> [Record excerpts]
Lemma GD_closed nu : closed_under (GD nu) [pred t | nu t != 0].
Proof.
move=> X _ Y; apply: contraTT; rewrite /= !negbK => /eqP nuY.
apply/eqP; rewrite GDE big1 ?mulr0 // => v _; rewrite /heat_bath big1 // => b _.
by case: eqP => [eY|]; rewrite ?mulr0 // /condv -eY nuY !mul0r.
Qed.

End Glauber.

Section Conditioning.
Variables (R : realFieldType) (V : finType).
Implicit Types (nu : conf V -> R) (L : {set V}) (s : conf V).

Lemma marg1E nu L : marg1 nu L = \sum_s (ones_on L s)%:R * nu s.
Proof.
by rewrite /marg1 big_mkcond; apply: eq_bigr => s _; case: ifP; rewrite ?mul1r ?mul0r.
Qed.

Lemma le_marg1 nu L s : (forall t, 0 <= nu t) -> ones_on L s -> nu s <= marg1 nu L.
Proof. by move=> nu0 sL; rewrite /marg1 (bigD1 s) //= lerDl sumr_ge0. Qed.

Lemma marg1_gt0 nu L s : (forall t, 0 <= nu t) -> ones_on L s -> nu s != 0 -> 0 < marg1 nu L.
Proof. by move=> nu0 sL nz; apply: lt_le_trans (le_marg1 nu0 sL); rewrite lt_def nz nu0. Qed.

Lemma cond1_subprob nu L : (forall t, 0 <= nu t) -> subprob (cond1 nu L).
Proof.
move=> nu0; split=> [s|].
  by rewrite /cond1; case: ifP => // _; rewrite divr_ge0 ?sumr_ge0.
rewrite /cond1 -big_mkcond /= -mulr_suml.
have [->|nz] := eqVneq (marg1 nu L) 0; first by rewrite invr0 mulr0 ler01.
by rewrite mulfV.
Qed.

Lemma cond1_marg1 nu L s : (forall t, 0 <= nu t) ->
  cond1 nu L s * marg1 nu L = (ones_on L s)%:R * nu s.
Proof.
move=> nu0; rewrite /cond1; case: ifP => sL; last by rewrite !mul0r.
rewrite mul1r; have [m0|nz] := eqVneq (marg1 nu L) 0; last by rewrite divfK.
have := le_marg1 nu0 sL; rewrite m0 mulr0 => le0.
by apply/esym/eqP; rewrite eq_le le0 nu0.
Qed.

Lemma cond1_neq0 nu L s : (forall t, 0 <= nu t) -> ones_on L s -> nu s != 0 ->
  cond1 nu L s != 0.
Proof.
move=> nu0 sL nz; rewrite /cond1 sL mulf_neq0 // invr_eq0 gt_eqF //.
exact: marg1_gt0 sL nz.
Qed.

--

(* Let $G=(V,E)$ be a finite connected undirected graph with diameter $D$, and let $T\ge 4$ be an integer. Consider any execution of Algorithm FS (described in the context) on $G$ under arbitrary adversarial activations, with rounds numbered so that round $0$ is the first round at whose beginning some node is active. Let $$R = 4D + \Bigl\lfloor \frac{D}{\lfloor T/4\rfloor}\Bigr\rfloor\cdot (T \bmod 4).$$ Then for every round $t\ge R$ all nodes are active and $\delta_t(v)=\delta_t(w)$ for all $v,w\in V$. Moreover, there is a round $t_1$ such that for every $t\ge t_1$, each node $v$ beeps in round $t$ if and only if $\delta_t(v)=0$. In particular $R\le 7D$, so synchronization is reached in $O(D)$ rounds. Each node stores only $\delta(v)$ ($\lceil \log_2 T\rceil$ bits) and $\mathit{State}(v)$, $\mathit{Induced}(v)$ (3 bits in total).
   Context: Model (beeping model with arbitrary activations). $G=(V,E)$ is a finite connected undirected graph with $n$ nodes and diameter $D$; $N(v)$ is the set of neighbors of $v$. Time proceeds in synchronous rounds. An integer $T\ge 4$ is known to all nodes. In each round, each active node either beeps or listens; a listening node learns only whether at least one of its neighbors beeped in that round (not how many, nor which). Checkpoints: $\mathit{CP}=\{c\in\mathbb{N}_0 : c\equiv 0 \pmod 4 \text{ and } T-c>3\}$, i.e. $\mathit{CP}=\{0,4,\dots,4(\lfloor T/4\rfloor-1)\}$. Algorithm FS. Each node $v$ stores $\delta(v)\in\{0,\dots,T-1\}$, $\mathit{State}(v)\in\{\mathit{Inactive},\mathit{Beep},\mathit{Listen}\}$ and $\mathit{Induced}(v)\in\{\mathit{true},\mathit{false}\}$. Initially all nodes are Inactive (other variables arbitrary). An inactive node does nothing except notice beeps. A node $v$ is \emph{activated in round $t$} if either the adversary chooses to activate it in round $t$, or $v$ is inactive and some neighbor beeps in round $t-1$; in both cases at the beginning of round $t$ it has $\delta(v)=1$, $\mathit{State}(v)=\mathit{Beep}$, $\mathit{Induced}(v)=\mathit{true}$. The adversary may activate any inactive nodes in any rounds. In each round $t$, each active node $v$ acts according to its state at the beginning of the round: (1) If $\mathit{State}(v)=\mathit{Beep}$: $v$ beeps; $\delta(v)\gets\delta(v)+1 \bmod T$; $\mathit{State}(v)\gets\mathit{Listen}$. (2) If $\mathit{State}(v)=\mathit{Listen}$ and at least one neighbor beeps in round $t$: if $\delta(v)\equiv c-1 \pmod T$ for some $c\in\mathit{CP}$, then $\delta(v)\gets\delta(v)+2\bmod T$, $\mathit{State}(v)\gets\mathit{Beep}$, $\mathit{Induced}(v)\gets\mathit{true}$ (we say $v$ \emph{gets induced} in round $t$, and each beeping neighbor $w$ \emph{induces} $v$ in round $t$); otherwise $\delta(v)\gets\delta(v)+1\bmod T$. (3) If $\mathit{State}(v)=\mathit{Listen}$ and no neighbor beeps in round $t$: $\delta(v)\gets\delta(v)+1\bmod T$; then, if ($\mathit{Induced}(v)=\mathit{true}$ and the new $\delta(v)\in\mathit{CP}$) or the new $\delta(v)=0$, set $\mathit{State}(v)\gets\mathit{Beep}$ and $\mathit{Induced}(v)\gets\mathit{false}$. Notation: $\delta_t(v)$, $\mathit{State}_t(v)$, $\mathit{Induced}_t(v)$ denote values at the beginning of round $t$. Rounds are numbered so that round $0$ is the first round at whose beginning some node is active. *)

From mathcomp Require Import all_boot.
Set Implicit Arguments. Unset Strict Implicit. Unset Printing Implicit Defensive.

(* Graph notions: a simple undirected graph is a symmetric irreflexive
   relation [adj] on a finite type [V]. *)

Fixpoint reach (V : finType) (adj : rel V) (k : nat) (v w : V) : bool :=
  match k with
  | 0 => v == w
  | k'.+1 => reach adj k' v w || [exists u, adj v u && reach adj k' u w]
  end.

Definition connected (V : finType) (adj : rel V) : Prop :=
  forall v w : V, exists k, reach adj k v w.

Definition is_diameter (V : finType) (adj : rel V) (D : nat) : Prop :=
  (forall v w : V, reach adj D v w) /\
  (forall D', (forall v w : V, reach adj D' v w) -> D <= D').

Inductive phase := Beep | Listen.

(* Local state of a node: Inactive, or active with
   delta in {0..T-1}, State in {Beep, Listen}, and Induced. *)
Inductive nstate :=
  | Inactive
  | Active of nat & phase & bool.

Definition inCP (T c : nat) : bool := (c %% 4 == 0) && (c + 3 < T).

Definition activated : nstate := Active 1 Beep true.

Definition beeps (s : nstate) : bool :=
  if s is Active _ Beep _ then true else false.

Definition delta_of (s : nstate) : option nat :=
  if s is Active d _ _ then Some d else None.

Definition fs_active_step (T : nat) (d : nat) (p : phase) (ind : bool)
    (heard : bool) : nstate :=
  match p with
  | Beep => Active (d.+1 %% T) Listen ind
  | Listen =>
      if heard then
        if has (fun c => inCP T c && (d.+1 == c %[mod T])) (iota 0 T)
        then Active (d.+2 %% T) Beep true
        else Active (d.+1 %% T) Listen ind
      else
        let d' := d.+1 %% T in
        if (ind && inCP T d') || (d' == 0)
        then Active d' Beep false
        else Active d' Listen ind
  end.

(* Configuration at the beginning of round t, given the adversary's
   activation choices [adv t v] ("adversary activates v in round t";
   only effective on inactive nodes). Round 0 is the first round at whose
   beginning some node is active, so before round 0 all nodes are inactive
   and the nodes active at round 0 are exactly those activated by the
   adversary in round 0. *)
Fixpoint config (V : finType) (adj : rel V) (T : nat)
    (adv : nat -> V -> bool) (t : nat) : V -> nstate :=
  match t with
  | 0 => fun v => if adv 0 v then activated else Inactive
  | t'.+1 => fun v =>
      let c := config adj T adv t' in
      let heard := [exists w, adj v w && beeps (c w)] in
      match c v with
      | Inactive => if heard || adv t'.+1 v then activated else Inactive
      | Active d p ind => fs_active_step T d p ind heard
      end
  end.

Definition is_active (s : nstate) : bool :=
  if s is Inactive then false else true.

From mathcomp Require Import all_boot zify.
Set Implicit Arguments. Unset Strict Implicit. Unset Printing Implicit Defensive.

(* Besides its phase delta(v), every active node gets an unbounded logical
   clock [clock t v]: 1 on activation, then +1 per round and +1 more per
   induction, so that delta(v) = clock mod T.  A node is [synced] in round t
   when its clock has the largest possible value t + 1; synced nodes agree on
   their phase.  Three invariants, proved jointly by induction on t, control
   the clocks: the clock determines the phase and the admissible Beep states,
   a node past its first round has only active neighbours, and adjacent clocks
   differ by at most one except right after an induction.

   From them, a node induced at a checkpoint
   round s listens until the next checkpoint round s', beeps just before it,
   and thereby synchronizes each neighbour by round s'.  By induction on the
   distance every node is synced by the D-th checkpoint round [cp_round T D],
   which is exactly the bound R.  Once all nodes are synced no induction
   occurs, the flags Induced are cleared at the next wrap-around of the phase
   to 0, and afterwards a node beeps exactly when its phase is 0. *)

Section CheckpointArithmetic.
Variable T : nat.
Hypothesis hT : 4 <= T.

> [What the exercise asks] Filter the records for the word "Lemma" and show every line that has it.

> [Output of the task]
Lemma GD_closed nu : closed_under (GD nu) [pred t | nu t != 0].
Lemma marg1E nu L : marg1 nu L = \sum_s (ones_on L s)%:R * nu s.
Lemma le_marg1 nu L s : (forall t, 0 <= nu t) -> ones_on L s -> nu s <= marg1 nu L.
Lemma marg1_gt0 nu L s : (forall t, 0 <= nu t) -> ones_on L s -> nu s != 0 -> 0 < marg1 nu L.
Lemma cond1_subprob nu L : (forall t, 0 <= nu t) -> subprob (cond1 nu L).
Lemma cond1_marg1 nu L s : (forall t, 0 <= nu t) ->
Lemma cond1_neq0 nu L s : (forall t, 0 <= nu t) -> ones_on L s -> nu s != 0 ->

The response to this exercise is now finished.